Quentin Tarantino Refuses to Cave to China

Quentin Tarantino Refuses to Cave to China
Director Quentin Tarantino attends the photo call for Columbia Pictures' "Once Upon A Time In Hollywood" at Four Seasons Hotel Los Angeles at Beverly Hills on July 11, 2019 in Los Angeles, California. (Kevork Djansezian/Getty Images)

Michael Clark By Friday, 25 October 2019 04:34 PM EDT Current | Bio | Archive

With the NBA still trying to navigate its way through a public relations nightmare in the wake of both players and officials backing Communist China and its suppression of free speech in Hong Kong, one unlikely American artist has put the Chinese Communists in their place.

Never one to play the shrinking violet, writer/director Quentin Tarantino recently made a political, artistic, and monetary statement few creative types would dare imagine and one which will ally him with throngs of people with whom he has little, if anything, in common. Today was the scheduled opening date for Tarantino’s latest opus “Once Upon a Time...In Hollywood” (OUATIH) in Mainland China. Contrary to popular belief, this was not the first Tarantino to possibly open in China (more on that in a bit), but will likely be the last.
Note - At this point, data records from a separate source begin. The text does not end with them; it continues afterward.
Lemma scan_offset_boundary ls l : l \in ls -> (0 < A l)%N ->
  scan A ls (scan_offset ls l + A l) = Some (l, true).
Proof.
elim: ls => [|i ls IHls] //= l_in Al_gt0.
case: eqP => [->|/eqP i_neq_l]; first by rewrite add0n ltnn eqxx.
have {}l_in : l \in ls by move: l_in; rewrite in_cons eq_sym (negbTE i_neq_l).
have Ai_lt : (A i < A i + (scan_offset ls l + A l))%N by lia.
by rewrite -addnA ltnNge (ltnW Ai_lt) /= (gtn_eqF Ai_lt) addKn IHls.
Qed.

Lemma scan_boundary_offset ls x l : uniq ls ->
  scan A ls x = Some (l, true) -> x = (scan_offset ls l + A l)%N.
Proof.
elim: ls x => [|i ls IHls] x //= /andP[i_notin uniq_ls].
case: ltnP => // Ai_le.
case: eqP => [-> [<-]|x_neq]; first by rewrite eqxx.
move=> scan_x; have l_in := scan_mem scan_x.
have -> : (i == l) = false by apply: contraNF i_notin => /eqP->.
have := IHls _ uniq_ls scan_x; lia.
Qed.

Lemma scan_offset_le ls l : l \in ls ->
  (scan_offset ls l + A l <= \sum_(i <- ls) A i)%N.
Proof.
elim: ls => [|i ls IHls] //= l_in; rewrite big_cons.
case: eqP => [->|/eqP i_neq_l]; first by rewrite add0n leq_addr.
have {}l_in : l \in ls by move: l_in; rewrite in_cons eq_sym (negbTE i_neq_l).
by rewrite -addnA leq_add2l IHls.
Qed.

End ScanBoundary.

Lemma scan_order_uniq N (sig : 'I_N -> seq nat) : uniq (scan_order sig).
Proof. by rewrite filter_uniq // rev_uniq enum_uniq. Qed.

Lemma mem_scan_order N (sig : 'I_N -> seq nat) i :
  (i \in scan_order sig) = (0 < SSum (sig i))%N.
Proof. by rewrite mem_filter mem_rev mem_enum andbT. Qed.

Lemma sum_scan_order_le N (A : 'I_N -> nat) (sig : 'I_N -> seq nat) :
  (\sum_(i <- scan_order sig) A i <= \sum_(i < N) A i)%N.
Proof.
rewrite big_filter big_rev big_mkcond big_enum /=.
by apply: leq_sum => i _; case: ifP.
Qed.

Lemma eq_cond_prob (T : finType) (E E' C C' : pred T) :
  E =1 E' -> C =1 C' -> cond_prob E C = cond_prob E' C'.
Proof.
move=> eqE eqC; rewrite /cond_prob.
by congr (_%:R / _%:R); apply: eq_card => p; rewrite !unfold_in /= ?eqE eqC.
Qed.

Section Slice.
Context {M K B x0 : nat}.
Hypothesis x0_range : (1 <= x0 <= M)%N.

Lemma card_slice (P : seq nat -> bool) :
  #|[pred p : 'I_M * K.-tuple 'I_B | (p.1.+1 == x0) && P (map val p.2)]| =
  (\sum_(t : K.-tuple 'I_B) P (map val t))%N.
Proof.
have x0_lt : (x0.-1 < M)%N by lia.
rewrite -sum1_card big_mkcond /=.
rewrite -(pair_big xpredT xpredT (fun (i : 'I_M) (t : K.-tuple 'I_B) =>
  if (i.+1 == x0) && P (map val t) then 1%N else 0%N)) /=.
rewrite (bigD1 (Ordinal x0_lt)) //= [X in (_ + X)%N]big1 ?addn0.
  apply: eq_bigr => t _; have -> : x0.-1.+1 == x0 by apply/eqP; lia.
  by case: (P _).
move=> i i_neq; apply: big1 => t _.
have -> // : (i.+1 == x0) = false.
by apply: contraNF i_neq => /eqP E; apply/eqP/val_inj => /=; lia.
Qed.

Lemma cond_prob_slice (P : seq nat -> bool) :
  cond_prob [pred p : 'I_M * K.-tuple 'I_B | (p.1.+1 == x0) && P (map val p.2)]
            [pred p : 'I_M * K.-tuple 'I_B | p.1.+1 == x0] =
  (\sum_(t : K.-tuple 'I_B) P (map val t))%:R / (B ^ K)%:R.
Proof.
rewrite /cond_prob -(card_slice P) -(sum_tuples_const B K).
rewrite -(card_slice xpredT).
by congr (_%:R / _%:R); apply: eq_card => p; rewrite !unfold_in /= ?andbT // andbAC andbb.
Qed.

End Slice.

Section BoundaryCase.
Context {b : nat} {lo : int} {N : nat} {sig : 'I_N -> seq nat} {G : int}.
Context {K : nat} {l : 'I_N}.
Hypothesis SS_gt0 : (0 < SSum (sig l))%N.

Local Notation A := (Aof b lo sig G).
Local Notation accepts := (refine b (SSum (sig l)) (lvl_exp lo l G) 1).

Definition boundary_draw : nat := (scan_offset A (scan_order sig) l + A l)%N.

Lemma Aof_gt0 : (0 < A l)%N.
Proof. by rewrite /Aof /Aval SS_gt0. Qed.

Lemma boundary_draw_range : (1 <= boundary_draw <= Atot b lo sig G)%N.
Proof.
rewrite addn_gt0 Aof_gt0 orbT /=.
apply: leq_trans (scan_offset_le A _) (sum_scan_order_le _ _).
by rewrite mem_scan_order.
Qed.

Lemma scan_boundaryE x :
  (scan A (scan_order sig) x == Some (l, true)) = (x == boundary_draw).
Proof.
apply/eqP/eqP => [|->]; first exact/scan_boundary_offset/scan_order_uniq.
by apply: scan_offset_boundary; rewrite ?mem_scan_order ?Aof_gt0.
Qed.

Lemma outer_iter_boundary rs :
  outer_iter b lo sig G boundary_draw rs = if accepts rs then Ret l else Abandon.
Proof.
have scan_x0 : scan A (scan_order sig) boundary_draw = Some (l, true).
  by apply/eqP; rewrite scan_boundaryE.
by rewrite /outer_iter scan_x0.
Qed.

Lemma boundary_evE : boundary_ev b lo N sig G K l =1
  [pred p : sample_space b lo sig G K | p.1.+1 == boundary_draw].
Proof. by move=> p; rewrite /boundary_ev /= scan_boundaryE. Qed.

Lemma accept_evE : accept_ev b lo N sig G K l =1
  [pred p : sample_space b lo sig G K |
     (p.1.+1 == boundary_draw) && accepts (map val p.2)].
Proof.
move=> p; rewrite /accept_ev boundary_evE /=.
by case: eqP => // ->; rewrite outer_iter_boundary; case: (accepts _) => /=; rewrite ?eqxx.
Qed.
When it was revealed the movie would be playing in her father Bruce’s homeland, Shannon Lee was none too pleased. Having already seen the movie stateside, Lee took umbrage with Tarantino’s portrayal of her dad in the film. The lone scene where Bruce (Mike Moh) appears is on the lot of a TV studio where Bruce (as the character Kato) is on a break while taping an episode of “The Green Hornet.” He starts a conversation with veteran stunt man Cliff Booth (Brad Pitt) which doesn’t go well and the pair begins fighting. While Bruce starts with a vengeance the skirmish ends with Booth tossing him into a parked car hard enough to cause significant damage to the vehicle. This tussle never actually happened; something Shannon either might not realize or chooses to interpret through her own tainted prism.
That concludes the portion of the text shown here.